Advanced Technologies & Engineering (ATE) is on the cusp of exporting the most advanced avionics software ever developed in SA, the company says.
The programming, along with the associated hardware, cost about $100 million to research, develop and certify to exacting aviation standards and can be retrofitted to hundreds of BAE Systems Hawk light fighter aircraft in the world today.
Additionally, the software and avionics can be readily adapted for other aircraft types, meaning the country stands to gain millions by successfully exporting the technology.
The software, which ATE Hawk program manager Dirk de Villiers says runs to over a million lines of code, is certified to the Radio Technical Commission for Aeronautics' DO-178B global standard, used by the US Federal Aviation Authority to certify software for use in aircraft.
De Villiers adds the software and associated hardware has been successfully integrated and brought into service aboard the SA Air Force's (SAAF's) BAE Systems Mk120 Hawk lead-in fighter trainers.
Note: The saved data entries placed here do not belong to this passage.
(* Let $\Gamma$ be a reduct of $\mathbb{P}$ in which $<$ and $\bot$ are primitive positive definable. Let $f\in{\rm Pol}(\Gamma)$ be a binary polymorphism which is canonical as a function from $(P;\leq,\prec)^2$ to $(P;\leq)$. Then at least one of the following holds: $f$ is dominated; ${\rm Pol}(\Gamma)$ contains $e_<$; ${\rm Pol}(\Gamma)$ contains $e_\leq$.
   Context: $\mathbb{P}=(P;\leq)$ is the random partial order (Fraïssé limit of all finite partial orders); $x<y$ means $x\leq y\wedge x\ne y$, $x\bot y$ means $x,y$ incomparable. A reduct of $\mathbb{P}$ is a structure on $P$ with relations first-order definable in $\mathbb{P}$; primitive positive definable means definable by $\exists\bar y$ (conjunction of atomic formulas). ${\rm Pol}(\Gamma)$ is the set of all finitary operations on $P$ preserving all relations of $\Gamma$ (componentwise). $(P;\leq,\prec)$ denotes the Fraïssé limit of the class of finite structures $(A;\leq,\prec)$ where $\leq$ is a partial order and $\prec$ a linear order extending $<$; its $\leq$-reduct is identified with $\mathbb{P}$. A binary $f:P^2\to P$ is canonical from $(P;\leq,\prec)^2$ to $(P;\leq)$ if for every $s\geq1$, all $\alpha_1,\alpha_2\in{\rm Aut}(P;\leq,\prec)$ and all $d_1,d_2\in P^s$ there is $\beta\in{\rm Aut}(P;\leq)$ with $f(\alpha_1(d_1),\alpha_2(d_2))=\beta(f(d_1,d_2))$ (all maps applied componentwise). $f$ is dominated on the first argument if $f(x,y)<f(x',y')$ whenever $x<x'$ and $f(x,y)\bot f(x',y')$ whenever $x\bot x'$ (for all $y,y'$); $f$ is dominated if $f$ or $(x,y)\mapsto f(y,x)$ is dominated on the first argument. $e_<:P^2\to P$ is a fixed embedding of $(P;<)^2$ into $(P;<)$, i.e. an injective map with $e_<(a,b)<e_<(a',b')\iff(a<a'\wedge b<b')$; $e_\leq:P^2\to P$ is a fixed embedding of $(P;\leq)^2$ into $(P;\leq)$, i.e. injective with $e_\leq(a,b)\leq e_\leq(a',b')\iff(a\leq a'\wedge b\leq b')$. *)

From mathcomp Require Import all_boot.
Set Implicit Arguments. Unset Strict Implicit. Unset Printing Implicit Defensive.

Section Defs.
Variable P : Type.

Definition partial_order (le : P -> P -> Prop) :=
  (forall x, le x x) /\ (forall x y, le x y -> le y x -> x = y) /\
  (forall x y z, le x y -> le y z -> le x z).

Definition strict (le : P -> P -> Prop) x y := le x y /\ x <> y.
Definition incomp (le : P -> P -> Prop) x y := ~ le x y /\ ~ le y x.

Definition countable := exists g : P -> nat, injective g.

Definition is_aut1 (le : P -> P -> Prop) (a : P -> P) :=
  bijective a /\ forall x y, le x y <-> le (a x) (a y).
Definition is_aut2 (le prec : P -> P -> Prop) (a : P -> P) :=
  bijective a /\ (forall x y, le x y <-> le (a x) (a y))
              /\ (forall x y, prec x y <-> prec (a x) (a y)).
About 900 Hawks of various marks are flying with 18 air forces and older variants provide a ready market for ATE's integrated navigation and weapons systems (INWS).
Armscor Hawk programme manager Johan Ferreira says the system is the first time the country has achieved such a high level of integration and certification. "The avionics in this aircraft are the most complex developed in this country. This is also the first time that I'm aware of, that we have certified avionics to the DO-178B standard."
Selling the avionics as an upgrade abroad will benefit both the government - which owns some of the intellectual property rights - and the defence industry, says Ferreira and ATE external affairs director Lorris Duncker.
Ferreira adds that exports will allow ATE and the consortium it led to develop and build the INWS to maintain design authority.
"This is a capacity we must maintain, we need to market the programme. A contract for ATE as a systems house is a contract for industry at large."
In development
The software was delivered in three tranches, with an initial version, called Operational Capability (OC) 1, delivered in 2006 offering basic flight functions. OC1 was used to test the aircraft and bring it into operational service with 85 Combat Flying School. OC2 followed in 2007 and allowed pilot training to commence. OC3 followed and allows the aircraft to engage in combat and advanced training.
Duncker says the software was developed on the back of more than a decade's experience. "It started in 1992, when ATE was selected for the SAAF's Project Neckwar, the development of a Glass Cockpit Avionics Demonstrator using a Mirage F1 as platform.
"In 1994, ATE was selected for the development of the glass cockpit for the Pilatus PC-7 MkII [Astra] trainer for the SAAF. This gave ATE the expertise base to team up with Thomson-CSF (now Thales), to be selected for the upgrade of the navigation and weapons system for the Mirage F1 of the Spanish Air Force," Duncker adds.
"With bombing algorithms developed within ATE, the upgraded Mirage F1 did not only serve as gap filler while awaiting the Eurofighter, but demonstrated bombing accuracies equivalent to the best in the western world."
"These local and international projects cemented a local expertise level that brought the Hawk software development from an initial high risk profile to a success for ATE and the local defence industry," says Duncker.
Future developments
The avionics hardware and software developed for the Hawk can also be put to use elsewhere in SAAF's inventory. The SAAF is about to decide on upgrading the Astra cockpit and industry players speculate the work will go to the aircraft's Swiss manufacturer.
"The initial instruction to the Hawk Navigation and Weapons System Programme was to 'Gripenise the Hawk' so as to have a seamless transition between training from Hawk to Gripen," says De Villiers. (The Gripen is the Air Force's new Advanced Light Fighter Aircraft.)
"Now the message that industry conveys to Armscor is to 'Hawkenise the Pilatus', so as to achieve commonality between avionics of the Hawk and Pilatus Aircraft. This would be in preference to procuring a new system, distinctly different to Hawk," De Villiers says.